WORK ORDER: Send back the entries below exactly as they appear.
START GIVEN ENTRIES
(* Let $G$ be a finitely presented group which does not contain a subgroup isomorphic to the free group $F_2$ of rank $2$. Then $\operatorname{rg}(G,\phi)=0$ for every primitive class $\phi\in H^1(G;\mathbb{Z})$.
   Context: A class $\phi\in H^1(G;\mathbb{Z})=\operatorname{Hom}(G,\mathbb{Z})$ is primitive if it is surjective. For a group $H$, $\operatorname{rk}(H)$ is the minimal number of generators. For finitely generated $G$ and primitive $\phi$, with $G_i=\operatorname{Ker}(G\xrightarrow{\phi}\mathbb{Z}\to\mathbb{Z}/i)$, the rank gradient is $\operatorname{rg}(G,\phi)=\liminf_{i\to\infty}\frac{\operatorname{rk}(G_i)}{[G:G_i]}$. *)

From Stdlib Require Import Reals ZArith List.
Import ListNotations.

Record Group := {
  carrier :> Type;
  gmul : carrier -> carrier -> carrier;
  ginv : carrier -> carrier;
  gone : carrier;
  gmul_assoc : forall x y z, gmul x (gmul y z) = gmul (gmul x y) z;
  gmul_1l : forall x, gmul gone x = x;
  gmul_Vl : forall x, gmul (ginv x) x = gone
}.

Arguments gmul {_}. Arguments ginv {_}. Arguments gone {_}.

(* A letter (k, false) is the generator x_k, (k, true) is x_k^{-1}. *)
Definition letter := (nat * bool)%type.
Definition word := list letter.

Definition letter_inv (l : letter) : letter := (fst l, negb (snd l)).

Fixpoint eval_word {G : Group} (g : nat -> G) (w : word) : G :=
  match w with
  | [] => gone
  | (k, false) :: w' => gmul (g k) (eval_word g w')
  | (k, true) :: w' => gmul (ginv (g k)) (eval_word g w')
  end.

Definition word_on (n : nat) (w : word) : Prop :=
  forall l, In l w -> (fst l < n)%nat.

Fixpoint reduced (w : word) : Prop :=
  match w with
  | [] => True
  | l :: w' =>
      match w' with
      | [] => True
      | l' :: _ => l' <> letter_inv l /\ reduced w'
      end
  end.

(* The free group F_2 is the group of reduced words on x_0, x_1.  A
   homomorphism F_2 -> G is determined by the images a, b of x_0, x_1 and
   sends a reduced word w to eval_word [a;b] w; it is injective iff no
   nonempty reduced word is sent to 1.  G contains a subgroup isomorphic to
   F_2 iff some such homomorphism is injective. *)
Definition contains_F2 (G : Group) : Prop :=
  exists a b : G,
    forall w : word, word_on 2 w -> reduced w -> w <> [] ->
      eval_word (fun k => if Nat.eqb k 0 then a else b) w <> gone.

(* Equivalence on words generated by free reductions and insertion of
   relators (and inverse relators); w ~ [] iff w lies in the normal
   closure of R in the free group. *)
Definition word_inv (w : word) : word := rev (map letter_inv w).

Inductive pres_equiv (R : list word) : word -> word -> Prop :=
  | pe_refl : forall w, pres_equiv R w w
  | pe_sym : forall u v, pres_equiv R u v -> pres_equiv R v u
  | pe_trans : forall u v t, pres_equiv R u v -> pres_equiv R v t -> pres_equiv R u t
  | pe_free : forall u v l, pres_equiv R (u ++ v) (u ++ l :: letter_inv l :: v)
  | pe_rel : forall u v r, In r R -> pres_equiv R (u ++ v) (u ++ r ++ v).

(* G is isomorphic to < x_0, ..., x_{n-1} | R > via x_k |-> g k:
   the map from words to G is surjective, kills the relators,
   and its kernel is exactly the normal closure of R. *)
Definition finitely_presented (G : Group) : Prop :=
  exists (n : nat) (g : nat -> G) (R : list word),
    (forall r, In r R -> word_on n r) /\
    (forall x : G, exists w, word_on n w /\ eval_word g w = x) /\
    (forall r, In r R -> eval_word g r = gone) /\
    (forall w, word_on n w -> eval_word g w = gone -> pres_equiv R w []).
END GIVEN ENTRIES
SOLUTION:
(* Let $G$ be a finitely presented group which does not contain a subgroup isomorphic to the free group $F_2$ of rank $2$. Then $\operatorname{rg}(G,\phi)=0$ for every primitive class $\phi\in H^1(G;\mathbb{Z})$.
   Context: A class $\phi\in H^1(G;\mathbb{Z})=\operatorname{Hom}(G,\mathbb{Z})$ is primitive if it is surjective. For a group $H$, $\operatorname{rk}(H)$ is the minimal number of generators. For finitely generated $G$ and primitive $\phi$, with $G_i=\operatorname{Ker}(G\xrightarrow{\phi}\mathbb{Z}\to\mathbb{Z}/i)$, the rank gradient is $\operatorname{rg}(G,\phi)=\liminf_{i\to\infty}\frac{\operatorname{rk}(G_i)}{[G:G_i]}$. *)

From Stdlib Require Import Reals ZArith List.
Import ListNotations.

Record Group := {
  carrier :> Type;
  gmul : carrier -> carrier -> carrier;
  ginv : carrier -> carrier;
  gone : carrier;
  gmul_assoc : forall x y z, gmul x (gmul y z) = gmul (gmul x y) z;
  gmul_1l : forall x, gmul gone x = x;
  gmul_Vl : forall x, gmul (ginv x) x = gone
}.

Arguments gmul {_}. Arguments ginv {_}. Arguments gone {_}.

(* A letter (k, false) is the generator x_k, (k, true) is x_k^{-1}. *)
Definition letter := (nat * bool)%type.
Definition word := list letter.

Definition letter_inv (l : letter) : letter := (fst l, negb (snd l)).

Fixpoint eval_word {G : Group} (g : nat -> G) (w : word) : G :=
  match w with
  | [] => gone
  | (k, false) :: w' => gmul (g k) (eval_word g w')
  | (k, true) :: w' => gmul (ginv (g k)) (eval_word g w')
  end.

Definition word_on (n : nat) (w : word) : Prop :=
  forall l, In l w -> (fst l < n)%nat.

Fixpoint reduced (w : word) : Prop :=
  match w with
  | [] => True
  | l :: w' =>
      match w' with
      | [] => True
      | l' :: _ => l' <> letter_inv l /\ reduced w'
      end
  end.

(* The free group F_2 is the group of reduced words on x_0, x_1.  A
   homomorphism F_2 -> G is determined by the images a, b of x_0, x_1 and
   sends a reduced word w to eval_word [a;b] w; it is injective iff no
   nonempty reduced word is sent to 1.  G contains a subgroup isomorphic to
   F_2 iff some such homomorphism is injective. *)
Definition contains_F2 (G : Group) : Prop :=
  exists a b : G,
    forall w : word, word_on 2 w -> reduced w -> w <> [] ->
      eval_word (fun k => if Nat.eqb k 0 then a else b) w <> gone.

(* Equivalence on words generated by free reductions and insertion of
   relators (and inverse relators); w ~ [] iff w lies in the normal
   closure of R in the free group. *)
Definition word_inv (w : word) : word := rev (map letter_inv w).

Inductive pres_equiv (R : list word) : word -> word -> Prop :=
  | pe_refl : forall w, pres_equiv R w w
  | pe_sym : forall u v, pres_equiv R u v -> pres_equiv R v u
  | pe_trans : forall u v t, pres_equiv R u v -> pres_equiv R v t -> pres_equiv R u t
  | pe_free : forall u v l, pres_equiv R (u ++ v) (u ++ l :: letter_inv l :: v)
  | pe_rel : forall u v r, In r R -> pres_equiv R (u ++ v) (u ++ r ++ v).

(* G is isomorphic to < x_0, ..., x_{n-1} | R > via x_k |-> g k:
   the map from words to G is surjective, kills the relators,
   and its kernel is exactly the normal closure of R. *)
Definition finitely_presented (G : Group) : Prop :=
  exists (n : nat) (g : nat -> G) (R : list word),
    (forall r, In r R -> word_on n r) /\
    (forall x : G, exists w, word_on n w /\ eval_word g w = x) /\
    (forall r, In r R -> eval_word g r = gone) /\
    (forall w, word_on n w -> eval_word g w = gone -> pres_equiv R w []).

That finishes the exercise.